• _Supplied material_

● ● ● ● ● ● ●

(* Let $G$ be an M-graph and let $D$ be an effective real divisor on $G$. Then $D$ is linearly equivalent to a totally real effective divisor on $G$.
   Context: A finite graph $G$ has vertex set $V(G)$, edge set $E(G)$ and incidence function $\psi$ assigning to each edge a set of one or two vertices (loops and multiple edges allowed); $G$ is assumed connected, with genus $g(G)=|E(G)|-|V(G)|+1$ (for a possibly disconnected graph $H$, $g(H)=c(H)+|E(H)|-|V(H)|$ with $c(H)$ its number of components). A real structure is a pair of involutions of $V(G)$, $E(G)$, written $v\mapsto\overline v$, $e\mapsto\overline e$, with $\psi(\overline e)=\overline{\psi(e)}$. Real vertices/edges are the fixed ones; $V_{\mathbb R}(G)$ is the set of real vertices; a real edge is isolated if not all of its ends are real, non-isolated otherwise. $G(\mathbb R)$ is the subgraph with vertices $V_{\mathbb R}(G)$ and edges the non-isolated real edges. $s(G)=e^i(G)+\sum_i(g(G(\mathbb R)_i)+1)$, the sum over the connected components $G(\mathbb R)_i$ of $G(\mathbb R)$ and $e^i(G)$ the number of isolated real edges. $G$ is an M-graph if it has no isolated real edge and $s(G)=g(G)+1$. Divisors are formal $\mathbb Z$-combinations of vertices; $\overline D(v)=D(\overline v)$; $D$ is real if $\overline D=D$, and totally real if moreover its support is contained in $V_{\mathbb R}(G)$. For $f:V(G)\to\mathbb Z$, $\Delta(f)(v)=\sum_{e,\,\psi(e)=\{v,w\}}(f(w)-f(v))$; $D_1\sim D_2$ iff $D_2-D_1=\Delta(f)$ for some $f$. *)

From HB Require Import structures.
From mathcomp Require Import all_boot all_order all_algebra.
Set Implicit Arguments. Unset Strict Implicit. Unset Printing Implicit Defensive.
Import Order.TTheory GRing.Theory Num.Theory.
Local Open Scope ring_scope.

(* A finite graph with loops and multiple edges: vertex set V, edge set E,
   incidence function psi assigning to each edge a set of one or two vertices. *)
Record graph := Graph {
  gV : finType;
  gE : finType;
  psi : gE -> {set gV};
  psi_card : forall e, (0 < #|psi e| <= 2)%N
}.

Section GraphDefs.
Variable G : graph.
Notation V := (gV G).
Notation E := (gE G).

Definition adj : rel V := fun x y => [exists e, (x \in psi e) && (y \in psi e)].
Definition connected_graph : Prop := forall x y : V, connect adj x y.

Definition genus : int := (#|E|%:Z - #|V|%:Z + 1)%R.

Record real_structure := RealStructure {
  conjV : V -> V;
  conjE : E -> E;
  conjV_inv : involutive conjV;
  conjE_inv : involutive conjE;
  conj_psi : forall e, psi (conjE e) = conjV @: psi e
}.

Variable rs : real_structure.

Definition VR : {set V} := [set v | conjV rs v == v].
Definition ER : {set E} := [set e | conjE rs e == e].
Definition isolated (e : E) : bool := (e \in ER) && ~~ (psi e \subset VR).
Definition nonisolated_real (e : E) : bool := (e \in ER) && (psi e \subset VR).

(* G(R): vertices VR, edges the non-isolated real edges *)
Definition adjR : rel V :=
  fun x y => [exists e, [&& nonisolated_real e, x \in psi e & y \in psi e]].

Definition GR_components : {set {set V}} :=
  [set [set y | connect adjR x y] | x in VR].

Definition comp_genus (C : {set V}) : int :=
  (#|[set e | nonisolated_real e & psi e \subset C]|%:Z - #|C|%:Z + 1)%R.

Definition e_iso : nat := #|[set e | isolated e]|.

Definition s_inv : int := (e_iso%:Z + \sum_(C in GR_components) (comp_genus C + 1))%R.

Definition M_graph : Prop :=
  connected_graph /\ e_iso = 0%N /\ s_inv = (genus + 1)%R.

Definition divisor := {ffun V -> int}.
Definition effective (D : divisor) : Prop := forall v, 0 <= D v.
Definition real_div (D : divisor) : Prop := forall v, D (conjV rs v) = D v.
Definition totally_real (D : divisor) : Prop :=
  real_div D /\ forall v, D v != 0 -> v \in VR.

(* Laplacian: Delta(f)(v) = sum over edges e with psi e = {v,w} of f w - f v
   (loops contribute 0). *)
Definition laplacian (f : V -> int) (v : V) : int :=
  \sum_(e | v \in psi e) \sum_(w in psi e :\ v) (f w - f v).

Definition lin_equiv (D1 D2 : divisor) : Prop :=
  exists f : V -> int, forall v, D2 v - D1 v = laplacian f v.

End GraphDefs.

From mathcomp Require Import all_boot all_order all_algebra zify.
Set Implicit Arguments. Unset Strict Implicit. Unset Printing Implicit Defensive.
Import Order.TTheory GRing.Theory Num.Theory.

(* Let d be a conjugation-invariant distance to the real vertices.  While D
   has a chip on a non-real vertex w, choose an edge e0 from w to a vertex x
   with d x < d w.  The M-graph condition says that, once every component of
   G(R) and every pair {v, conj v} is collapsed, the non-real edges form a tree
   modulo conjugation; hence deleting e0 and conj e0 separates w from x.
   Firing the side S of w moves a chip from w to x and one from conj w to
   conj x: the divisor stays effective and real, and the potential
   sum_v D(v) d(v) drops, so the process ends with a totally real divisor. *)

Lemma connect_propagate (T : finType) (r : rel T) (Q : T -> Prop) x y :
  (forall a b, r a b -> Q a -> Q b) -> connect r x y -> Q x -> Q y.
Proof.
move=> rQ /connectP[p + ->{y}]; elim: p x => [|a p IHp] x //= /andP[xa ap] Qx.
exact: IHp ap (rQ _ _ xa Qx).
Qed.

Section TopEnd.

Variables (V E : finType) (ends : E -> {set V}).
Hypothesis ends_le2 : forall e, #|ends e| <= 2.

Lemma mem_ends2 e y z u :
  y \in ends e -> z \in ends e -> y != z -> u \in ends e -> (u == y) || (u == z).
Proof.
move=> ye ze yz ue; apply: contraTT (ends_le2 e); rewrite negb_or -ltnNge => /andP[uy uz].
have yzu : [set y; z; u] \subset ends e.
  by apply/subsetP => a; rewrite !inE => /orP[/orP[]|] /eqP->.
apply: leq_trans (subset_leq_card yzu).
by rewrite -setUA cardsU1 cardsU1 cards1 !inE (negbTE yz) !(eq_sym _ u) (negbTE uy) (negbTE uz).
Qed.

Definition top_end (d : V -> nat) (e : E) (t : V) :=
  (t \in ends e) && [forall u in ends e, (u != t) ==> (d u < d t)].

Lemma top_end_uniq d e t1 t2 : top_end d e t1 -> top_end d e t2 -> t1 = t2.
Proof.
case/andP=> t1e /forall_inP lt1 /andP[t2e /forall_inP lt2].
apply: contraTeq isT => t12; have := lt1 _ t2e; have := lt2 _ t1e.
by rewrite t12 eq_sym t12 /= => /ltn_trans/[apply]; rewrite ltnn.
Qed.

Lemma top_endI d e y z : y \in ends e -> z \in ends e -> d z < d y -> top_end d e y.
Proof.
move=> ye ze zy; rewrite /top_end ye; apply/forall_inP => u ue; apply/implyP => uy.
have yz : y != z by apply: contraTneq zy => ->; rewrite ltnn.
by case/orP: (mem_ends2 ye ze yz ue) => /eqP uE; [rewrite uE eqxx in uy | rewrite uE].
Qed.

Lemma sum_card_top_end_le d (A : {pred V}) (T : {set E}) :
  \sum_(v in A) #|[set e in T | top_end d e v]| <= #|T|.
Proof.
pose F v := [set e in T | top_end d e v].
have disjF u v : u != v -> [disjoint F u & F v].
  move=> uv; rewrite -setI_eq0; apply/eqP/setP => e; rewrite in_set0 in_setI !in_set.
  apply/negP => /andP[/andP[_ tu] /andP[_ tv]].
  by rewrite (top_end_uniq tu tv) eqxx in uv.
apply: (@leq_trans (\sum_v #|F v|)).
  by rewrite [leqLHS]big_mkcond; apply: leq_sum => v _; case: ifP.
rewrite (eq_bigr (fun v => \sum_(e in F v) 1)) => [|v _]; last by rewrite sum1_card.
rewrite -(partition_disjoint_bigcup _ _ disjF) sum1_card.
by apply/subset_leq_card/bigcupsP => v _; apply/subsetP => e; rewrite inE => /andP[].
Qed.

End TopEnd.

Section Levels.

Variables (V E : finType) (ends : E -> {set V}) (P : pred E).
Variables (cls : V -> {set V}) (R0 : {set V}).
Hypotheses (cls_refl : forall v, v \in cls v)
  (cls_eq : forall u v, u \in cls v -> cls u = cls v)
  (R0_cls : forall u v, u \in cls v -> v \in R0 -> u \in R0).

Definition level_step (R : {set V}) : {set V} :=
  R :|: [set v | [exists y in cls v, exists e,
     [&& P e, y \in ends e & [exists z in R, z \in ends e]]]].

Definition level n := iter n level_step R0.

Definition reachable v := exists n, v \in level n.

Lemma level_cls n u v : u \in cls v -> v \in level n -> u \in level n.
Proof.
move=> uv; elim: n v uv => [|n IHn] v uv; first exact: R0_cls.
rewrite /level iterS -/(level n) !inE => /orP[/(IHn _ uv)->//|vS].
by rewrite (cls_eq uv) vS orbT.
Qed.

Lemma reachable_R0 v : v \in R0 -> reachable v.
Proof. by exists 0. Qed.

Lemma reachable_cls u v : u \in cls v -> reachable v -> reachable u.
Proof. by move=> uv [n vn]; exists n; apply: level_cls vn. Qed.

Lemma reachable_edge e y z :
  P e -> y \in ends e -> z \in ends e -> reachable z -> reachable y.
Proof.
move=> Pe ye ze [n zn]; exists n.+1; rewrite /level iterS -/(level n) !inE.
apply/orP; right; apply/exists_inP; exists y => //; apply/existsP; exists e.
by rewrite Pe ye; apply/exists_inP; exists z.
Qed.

● ● ● ● ● ● ●

• _Problem details_
Within the data above, the lines from the one with "Variable rs : real_structure." to the one with "Definition nonisolated_real (e" must be repeated exactly; no other line belongs in the answer.

• _Response to the task_
Variable rs : real_structure.

Definition VR : {set V} := [set v | conjV rs v == v].
Definition ER : {set E} := [set e | conjE rs e == e].
Definition isolated (e : E) : bool := (e \in ER) && ~~ (psi e \subset VR).
Definition nonisolated_real (e : E) : bool := (e \in ER) && (psi e \subset VR).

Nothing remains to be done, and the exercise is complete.